A global study from Monash University in Melbourne, Australia, has discovered a pathway for the regeneration of insulin in pancreatic stem cells, a major advance towards new therapies to treat type 1 and type 2 diabetes.
Using pancreatic stem cells from a type 1 diabetic donor, the researchers were able to effectively reactivate them to express insulin and functionally resemble beta-like cells by using a drug approved by the US Food and Drug Administration but not currently licensed for the treatment of diabetes.
Although more work is required, in principle the new approach could replace the insulin-producing cells (beta cells) that are destroyed in type 1 diabetics with newborn insulin-producing cells.
The study, led by diabetes experts Professor Sam El-Osta, Dr Keith Al-Hasani and Dr Ishant Khurana from Monash’s Department of Diabetes, may lead to a potential treatment option for diabetes dependent on insulin that is diagnosed in seven Australian children each time. day resulting in lifelong blood glucose testing and daily insulin injections, to replace insulin no longer produced by a damaged pancreas.

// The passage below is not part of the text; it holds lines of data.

(* Let $\psi$ be an $\mathcal{L}_\nu$-formula that is positive in $X$. Then for every belief model $(\Omega,\dots)$ for a game $G$, the operator $E\mapsto[\![\psi]\!]_E$ on $\mathcal P(\Omega)$ is monotonic; consequently $[\![\nu X.\psi]\!]=\bigcup\{E\subseteq\Omega: E\subseteq[\![\psi]\!]_E\}$.
   Context: Game, restrictions, $\mathcal{L}_O$, optimality conditions: $G=(T_1,\dots,T_n,<_1,\dots,<_n)$, $\ge_i$ reflexive closure of $<_i$; an optimality condition for $i$ is a closed first-order formula over atoms $C(a)$, $a\ge^i_cb$, constant $o$, interpreted in $(G,G',s)$ by $C(x)$ iff $\alpha(x)_j\in G'_j\ \forall j$ and $x\ge^i_zy$ iff $(\alpha(x)_i,\alpha(z)_{-i})\ge_i(\alpha(y)_i,\alpha(z)_{-i})$ ($o\mapsto s$); positive if all $C(\cdot)$ occur under an even number of negations. Belief model $(\Omega,\bar s_1,\dots,\bar s_n,P_1,\dots,P_n)$, $\bar s_i:\Omega\to T_i$, $P_i:\Omega\to2^\Omega$, $(G_E)_i=\{\bar s_i(u):u\in E\}$. $\mathcal{L}_\nu$: $\psi::=\mathit{rat}_{\phi_i}\mid X\mid\psi\wedge\psi\mid\neg\psi\mid\Box_i\psi\mid O_{\phi_i}\psi\mid\nu X.\psi$ ($\nu$-free body). Semantics: $[\![\mathit{rat}_{\phi_i}]\!]_E=\{\omega:(G,G_{P_i(\omega)},\bar s(\omega))\models\phi_i\}$, $[\![X]\!]_E=E$, intersections/complements, $[\![\Box_i\psi]\!]_E=\{\omega:P_i(\omega)\subseteq[\![\psi]\!]_E\}$, $[\![O_{\phi_i}\psi]\!]_E=\{\omega:(G,G_{[\![\psi]\!]_E},\bar s(\omega))\models\phi_i\}$, $[\![\nu X.\psi]\!]_E$ = outcome of transfinite iteration from $\Omega$ of $F\mapsto[\![\psi]\!]_F\cap F$ (intersections at limits). $\psi$ is positive in $X$ if each occurrence of $X$ is under an even number of negations and inside $O_{\phi_i}$ only when $\phi_i$ is positive. *)

From mathcomp Require Import all_boot.
Set Implicit Arguments. Unset Strict Implicit. Unset Printing Implicit Defensive.

Record game (n : nat) := Game {
  strat : 'I_n -> Type;
  pref  : 'I_n -> (forall j, strat j) -> (forall j, strat j) -> Prop }.

Arguments strat {n} g _ : rename.
Arguments pref {n} g _ _ _ : rename.

Definition profile n (G : game n) := forall j : 'I_n, strat G j.

Definition gepref n (G : game n) (i : 'I_n) (x y : profile G) : Prop :=
  pref G i y x \/ x = y.
Arguments gepref {n} G i x y.

(* (s_i, p_{-i}) : profile p with the i-th component replaced by s *)
Definition upd n (T : 'I_n -> Type) (p : forall j, T j) (i : 'I_n) (s : T i)
  : forall j, T j :=
  fun j => match i =P j with ReflectT e => eq_rect i T s j e | ReflectF _ => p j end.

(* Variables of type V (nested de Bruijn); closed formulas have V = void. *)
Inductive oterm (V : Type) : Type :=
| OVar (v : V)
| OConst.
Arguments OConst {V}.

Inductive ocond (V : Type) : Type :=
| OC   : oterm V -> ocond V
| OGe  : oterm V -> oterm V -> oterm V -> ocond V    (* OGe a c b  is  a >=^i_c b *)
| ONeg : ocond V -> ocond V
| OAnd : ocond V -> ocond V -> ocond V
| OEx  : ocond (option V) -> ocond V.
Arguments OC {V}. Arguments OGe {V}. Arguments ONeg {V}.
Arguments OAnd {V}. Arguments OEx {V}.

Definition oeval n (G : game n) (s : profile G) V (env : V -> profile G)
  (t : oterm V) : profile G :=
  match t with OVar v => env v | OConst => s end.

Fixpoint osat n (G : game n) (i : 'I_n) (G' : forall j, strat G j -> Prop)
  (s : profile G) V (f : ocond V) (env : V -> profile G) {struct f} : Prop :=
  match f with
  | OC a => forall j, G' j (oeval s env a j)
  | OGe a c b =>
      gepref G i (upd (oeval s env c) (oeval s env a i))
                 (upd (oeval s env c) (oeval s env b i))
  | ONeg g => ~ osat i G' s g env
  | OAnd g h => osat i G' s g env /\ osat i G' s h env
  | OEx g => exists x : profile G,
      osat i G' s g (fun o => match o with Some v => env v | None => x end)
  end.

Definition omodels n (G : game n) (i : 'I_n) (G' : forall j, strat G j -> Prop)
  (s : profile G) (phi : ocond void) : Prop :=
  osat i G' s phi (fun v => match v with end).

(* positivity: every C(.) occurs under an even number of negations;
   b = true means "even number of negations so far" *)
Fixpoint posC V (b : bool) (f : ocond V) : Prop :=
  match f with
  | OC _ => b = true
  | OGe _ _ _ => True
  | ONeg g => posC (~~ b) g
  | OAnd g h => posC b g /\ posC b h
  | OEx g => posC b g
  end.

Definition positive_cond (phi : ocond void) : Prop := posC true phi.

Record bmodel n (G : game n) := BModel {
  world : Type;
  sbar  : forall i : 'I_n, world -> strat G i;
  poss  : 'I_n -> world -> world -> Prop }.

Arguments world {n g} b : rename.
Arguments sbar {n g} b _ _ : rename.
Arguments poss {n g} b _ _ _ : rename.

Definition Gset n (G : game n) (M : bmodel G) (E : world M -> Prop)
  : forall j, strat G j -> Prop :=
  fun j t => exists u, E u /\ sbar M j u = t.

Definition sprof n (G : game n) (M : bmodel G) (w : world M) : profile G :=
  fun j => sbar M j w.

(* The stages of the transfinite iteration of f from W: the least class containing
   W, closed under f (successor steps) and under intersections (limit steps).
   The outcome is the intersection of all stages (= the final, stable stage). *)
Inductive stage (W : Type) (f : (W -> Prop) -> (W -> Prop)) : (W -> Prop) -> Prop :=
| stage_top : stage f (fun _ => True)
| stage_step F : stage f F -> stage f (f F)
| stage_lim (S : (W -> Prop) -> Prop) :
    (forall F, S F -> stage f F) -> stage f (fun w => forall F, S F -> F w).

Definition tf_iter (W : Type) (f : (W -> Prop) -> (W -> Prop)) : W -> Prop :=
  fun w => forall F, stage f F -> F w.

Inductive fml (n : nat) : Type :=
| Rat  : 'I_n -> ocond void -> fml n
| FX   : fml n
| FAnd : fml n -> fml n -> fml n
| FNeg : fml n -> fml n
| Box  : 'I_n -> fml n -> fml n
| Opt  : 'I_n -> ocond void -> fml n -> fml n
| Nu   : fml n -> fml n.

Fixpoint nu_free n (psi : fml n) : Prop :=
  match psi with
  | Rat _ _ | FX => True
  | FAnd a b => nu_free a /\ nu_free b
  | FNeg a | Box _ a | Opt _ _ a => nu_free a
  | Nu _ => False
  end.

Fixpoint wf n (psi : fml n) : Prop :=
  match psi with
  | Rat _ _ | FX => True
  | FAnd a b => wf a /\ wf b
  | FNeg a | Box _ a | Opt _ _ a => wf a
  | Nu a => nu_free a
  end.

Fixpoint occX n (psi : fml n) : Prop :=
  match psi with
  | Rat _ _ => False
  | FX => True
  | FAnd a b => occX a \/ occX b
  | FNeg a | Box _ a | Opt _ _ a => occX a
  | Nu _ => False
  end.

(* positivity in X (b = true: even number of negations so far); occurrences of X
   bound by an inner nu are not occurrences of the free variable X *)
Fixpoint posX n (b : bool) (psi : fml n) : Prop :=
  match psi with
  | Rat _ _ => True
  | FX => b = true
  | FAnd a c => posX b a /\ posX b c
  | FNeg a => posX (~~ b) a
  | Box _ a => posX b a
  | Opt _ phi a => posX b a /\ (occX a -> positive_cond phi)
  | Nu _ => True
  end.

Definition positive_in_X n (psi : fml n) : Prop := posX true psi.

Fixpoint sem n (G : game n) (M : bmodel G) (psi : fml n) (E : world M -> Prop)
  {struct psi} : world M -> Prop :=
  match psi with
  | Rat i phi => fun w => omodels i (Gset (poss M i w)) (sprof w) phi
  | FX => E
  | FAnd a b => fun w => sem (M:=M) a E w /\ sem (M:=M) b E w
  | FNeg a => fun w => ~ sem (M:=M) a E w
  | Box i a => fun w => forall u, poss M i w u -> sem (M:=M) a E u
  | Opt i phi a => fun w => omodels i (Gset (sem (M:=M) a E)) (sprof w) phi
  | Nu a => tf_iter (fun F w => sem (M:=M) a F w /\ F w)
  end.
Arguments sem {n G} M psi E _.

(* Monotonicity is proved by induction on psi, tracking the parity b of the
   number of negations above the current position: below an even number of
   negations, [[.]] grows with E, below an odd number it shrinks.  X occurs only
   positively, so the parity there is even; inside O_phi the set [[a]]_E feeds
   the restriction G' of an optimality condition, which is monotone in G' when
   phi is positive, and constant in E when X does not occur in a.  Given
   monotonicity, the transfinite iteration of F |-> [[psi]]_F /\ F from Omega
   stops at the greatest post-fixed point (Knaster-Tarski). *)
From mathcomp Require Import all_boot.
From Stdlib Require Import Classical.

Definition covary (b : bool) (P Q : Prop) : Prop := if b then P -> Q else Q -> P.

Lemma covary_iff b P Q : (P <-> Q) -> covary b P Q.
Proof. by case: b => -[]. Qed.

Lemma covary_not b P Q : covary (~~ b) P Q -> covary b (~ P) (~ Q).
Proof. by case: b => /= PQ nP ?; apply: nP; apply: PQ. Qed.

Lemma covary_and b P P' Q Q' :
  covary b P Q -> covary b P' Q' -> covary b (P /\ P') (Q /\ Q').
Proof. by case: b => /= PQ PQ' [? ?]; split; auto. Qed.

Lemma covary_ex b A (P Q : A -> Prop) :
  (forall x, covary b (P x) (Q x)) -> covary b (exists x, P x) (exists x, Q x).
Proof. by case: b => /= PQ [x ?]; exists x; apply: PQ. Qed.

Lemma covary_all b A (P Q : A -> Prop) :
  (forall x, covary b (P x) (Q x)) -> covary b (forall x, P x) (forall x, Q x).
Proof. by case: b => /= PQ H x; apply: PQ. Qed.

Lemma covary_flip b c P Q : covary (~~ c == b) P Q = covary (~~ (c == b)) P Q.
Proof. by case: b c => -[]. Qed.

(* [osat] only accepts variable types [V : Set], so the generated [ocond_ind],
   which quantifies over [V : Type], cannot be used for it. *)
Fixpoint ocond_ind_Set (P : forall V : Set, ocond V -> Prop)
  (P_C : forall (V : Set) a, P V (OC a))
  (P_Ge : forall (V : Set) a c b, P V (OGe a c b))
  (P_Neg : forall (V : Set) g, P V g -> P V (ONeg g))
  (P_And : forall (V : Set) g, P V g -> forall h, P V h -> P V (OAnd g h))
  (P_Ex : forall (V : Set) g, P (option V) g -> P V (OEx g))
  (V : Set) (f : ocond V) {struct f} : P V f :=
  let IH := @ocond_ind_Set P P_C P_Ge P_Neg P_And P_Ex in
  match f with
  | OC a => P_C V a
  | OGe a c b => P_Ge V a c b
  | ONeg g => P_Neg V g (IH _ g)
  | OAnd g h => P_And V g (IH _ g) h (IH _ h)
  | OEx g => P_Ex V g (IH _ g)
  end.

Section OptimalityConditions.

Variables (n : nat) (G : game n) (i : 'I_n) (s : profile G).

Lemma osat_ext (G1 G2 : forall j, strat G j -> Prop) (V : Set) (f : ocond V) env :
  (forall j t, G1 j t <-> G2 j t) -> osat i G1 s f env <-> osat i G2 s f env.
Proof.
move=> G12.
elim/ocond_ind_Set: V / f env => [V a|V a c b|V g IH|V g IHg h IHh|V g IH] env /=.
- by split=> H j; apply/G12.
- by [].
- by rewrite IH.
- by rewrite IHg IHh.
- by split=> -[x Hx]; exists x; apply/IH.
Qed.

(* [c] is the parity of the position of f, [b] the direction in which G' varies. *)
Lemma osat_covary (G1 G2 : forall j, strat G j -> Prop) b (V : Set) (f : ocond V) :
  (forall j t, covary b (G1 j t) (G2 j t)) ->
  forall c env, posC c f -> covary (c == b) (osat i G1 s f env) (osat i G2 s f env).
Proof.
move=> G12.
elim/ocond_ind_Set: V / f => [V a|V a c' b'|V g IH|V g IHg h IHh|V g IH] c env /=.
- by move=> ->; apply: covary_all => j; apply: G12.
- by move=> _; apply: covary_iff.
- by move=> /(IH _ env); rewrite covary_flip; apply: covary_not.
- by case=> /(IHg _ env) Hg /(IHh _ env) Hh; apply: covary_and.
- by move=> pos; apply: covary_ex => x; apply: IH.
Qed.

Lemma omodels_covary (G1 G2 : forall j, strat G j -> Prop) b phi :
  positive_cond phi -> (forall j t, covary b (G1 j t) (G2 j t)) ->
  covary b (omodels i G1 s phi) (omodels i G2 s phi).
Proof.
move=> pos_phi G12.
have := @osat_covary G1 G2 b _ phi G12 true (fun v => match v with end) pos_phi.
by case: b {G12}.
Qed.

End OptimalityConditions.

Section Semantics.

Variables (n : nat) (G : game n) (M : bmodel G).

Lemma Gset_covary b (E F : world M -> Prop) :
  (forall u, covary b (E u) (F u)) ->
  forall (j : 'I_n) (t : strat G j), covary b (Gset E t) (Gset F t).
Proof.
move=> EF j t; apply: covary_ex => u.
by apply: covary_and; [apply: EF | apply: covary_iff].
Qed.

Lemma Gset_ext (E F : world M -> Prop) :
  (forall u, E u <-> F u) ->
  forall (j : 'I_n) (t : strat G j), Gset E t <-> Gset F t.
Proof. by move=> EF j t; split=> -[u [Hu <-]]; exists u; split=> //; apply/EF. Qed.

Lemma sem_indep_X (psi : fml n) :
  ~ occX psi -> forall E F w, sem M psi E w <-> sem M psi F w.
Proof.
elim: psi => [j phi||a IHa c IHc|a IHa|j a IHa|j phi a IHa|a IHa] /= noX E F w //.
- have [noXa noXc] : ~ occX a /\ ~ occX c by split=> ?; apply: noX; [left | right].
  by rewrite (IHa noXa E F) (IHc noXc E F).
- by rewrite (IHa noX E F).
- by split=> H u /H /(IHa noX E F u).
- by apply: osat_ext; apply: Gset_ext => u; apply: IHa.
Qed.

Lemma sem_covary (psi : fml n) b (E F : world M -> Prop) :
  (forall w, covary b (E w) (F w)) ->
  forall c, posX c psi -> forall w, covary (c == b) (sem M psi E w) (sem M psi F w).
Proof.
move=> EF; elim: psi => [j phi||a IHa d IHd|a IHa|j a IHa|j phi a IHa|a IHa] c /= pos w.
- exact: covary_iff.
- by rewrite pos; apply: EF.
- by case: pos => /IHa Ha /IHd Hd; apply: covary_and.
- by move: pos => /IHa/(_ w); rewrite covary_flip; apply: covary_not.
- by move: pos => /IHa Ha; apply: covary_all => u; apply: covary_all => _; apply: Ha.
- case: pos => /IHa Ha pos_phi; have [occ|noX] := classic (occX a).
    by apply: omodels_covary (pos_phi occ) _; apply: Gset_covary.
  by apply/covary_iff/osat_ext/Gset_ext => u; apply: sem_indep_X.
- exact: covary_iff.
Qed.

Lemma sem_mono (psi : fml n) :
  positive_in_X psi -> forall E F : world M -> Prop,
  (forall w, E w -> F w) -> forall w, sem M psi E w -> sem M psi F w.
Proof. by move=> pos E F EF w; exact: (@sem_covary psi true E F EF true pos w). Qed.

End Semantics.

Section GreatestFixpoint.

Variables (W : Type) (f : (W -> Prop) -> W -> Prop).

Let step (F : W -> Prop) : W -> Prop := fun w => f F w /\ F w.

Lemma tf_iter_stage : stage step (tf_iter step).
Proof. exact: (stage_lim (S := stage step)). Qed.

Lemma tf_iter_postfixed w : tf_iter step w -> f (tf_iter step) w.
Proof. by move=> H; apply: (H _ (stage_step tf_iter_stage)).1. Qed.

Lemma postfixed_sub_tf_iter (E : W -> Prop) :
  (forall E F, (forall w, E w -> F w) -> forall w, f E w -> f F w) ->
  (forall w, E w -> f E w) -> forall w, E w -> tf_iter step w.
Proof.
move=> f_mono Ef w Ew F stF; elim: stF w Ew => [//|F' _ EF'|S _ ES] w Ew.
- by split; [apply: f_mono EF' _ _; apply: Ef | apply: EF'].
- by move=> F' SF'; apply: ES.
Qed.

End GreatestFixpoint.

Theorem mainTheorem8 (n : nat) (G : game n) (psi : fml n) :
  wf psi -> positive_in_X psi ->
  forall M : bmodel G,
    (forall E F : world M -> Prop,
        (forall w, E w -> F w) -> forall w, sem M psi E w -> sem M psi F w) /\
    (nu_free psi -> forall (E0 : world M -> Prop) (w : world M),
        sem M (Nu psi) E0 w <->
        exists E : world M -> Prop, (forall u, E u -> sem M psi E u) /\ E w).
Proof.
move=> _ pos M; have mono := @sem_mono n G M psi pos.
split=> // _ E0 w /=; split.
- by move=> Hw; exists (tf_iter (fun F u => sem M psi F u /\ F u));
    split=> // u; apply: tf_iter_postfixed.
- by case=> E [Ef Ew]; exact: (@postfixed_sub_tf_iter _ (sem M psi) E mono Ef w Ew).
Qed.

As the number of diabetes cases worldwide approaches 500 million, researchers are scrambling for a limited group of treatments with unclear efficacy.
We consider the research novel and an important step forward toward the development of new therapies.”
Professor Sam El-Osta, Monash Department of Diabetes
To restore insulin expression in a damaged pancreas, researchers had to overcome a number of challenges, as the diabetic pancreas was often thought to be too damaged to heal.
The findings are now published in the journal Nature, Signal Transduction and Targeted Therapy
According to Professor El-Osta, when an individual is diagnosed with type 1 diabetes, most of their pancreatic beta cells, which produce insulin, have been completely destroyed. These studies show that “the diabetic pancreas is not incapable of expressing insulin” and proof-of-concept experiments “address unmet medical needs in type 1 diabetes.”
Advances in the genetics of diabetes have brought “greater understanding and, along with that, a resurgence of interest in the development of potential therapies,” Professor El-Osta said.
“Patients rely on daily injections of insulin to replace what the pancreas would have produced. Currently, the only other effective therapy requires pancreatic islet transplantation, and while this has improved people’s health outcomes with diabetes, transplantation depends on organ donors, so it has limited widespread use,” said Professor El-Osta.
Study co-author Dr. Al-Hasani says that as we face an aging population globally and the challenges of increasing numbers of type 2 diabetes, which is strongly correlated with the increase in obesity, the need for a cure for diabetes is becoming increasingly urgent. ” said Dr. Al-Hasani. “Before we reach patients, there are many problems to solve,” said Dr. Al-Hasani. “Further work is needed to define the properties of these cells and establish protocols to isolate and expand them. “, he added. “I think the therapy is quite a long way off, but this represents an important step on the way to devising a long-lasting treatment that can be applied to all types of diabetes.”
Professor El-Osta, Drs Al-Hasani and Khurana have developed a revolutionary method to regenerate insulin cells without the ethical concerns usually associated with embryonic stem cells.
Source:
Journal reference:
Al-Hasani, K., et al. (2022) Pancreatic EZH2 inhibition restores progenitor insulin in T1D donors. Signal transduction and targeted therapy. doi.org/10.1038/s41392-022-01034-7.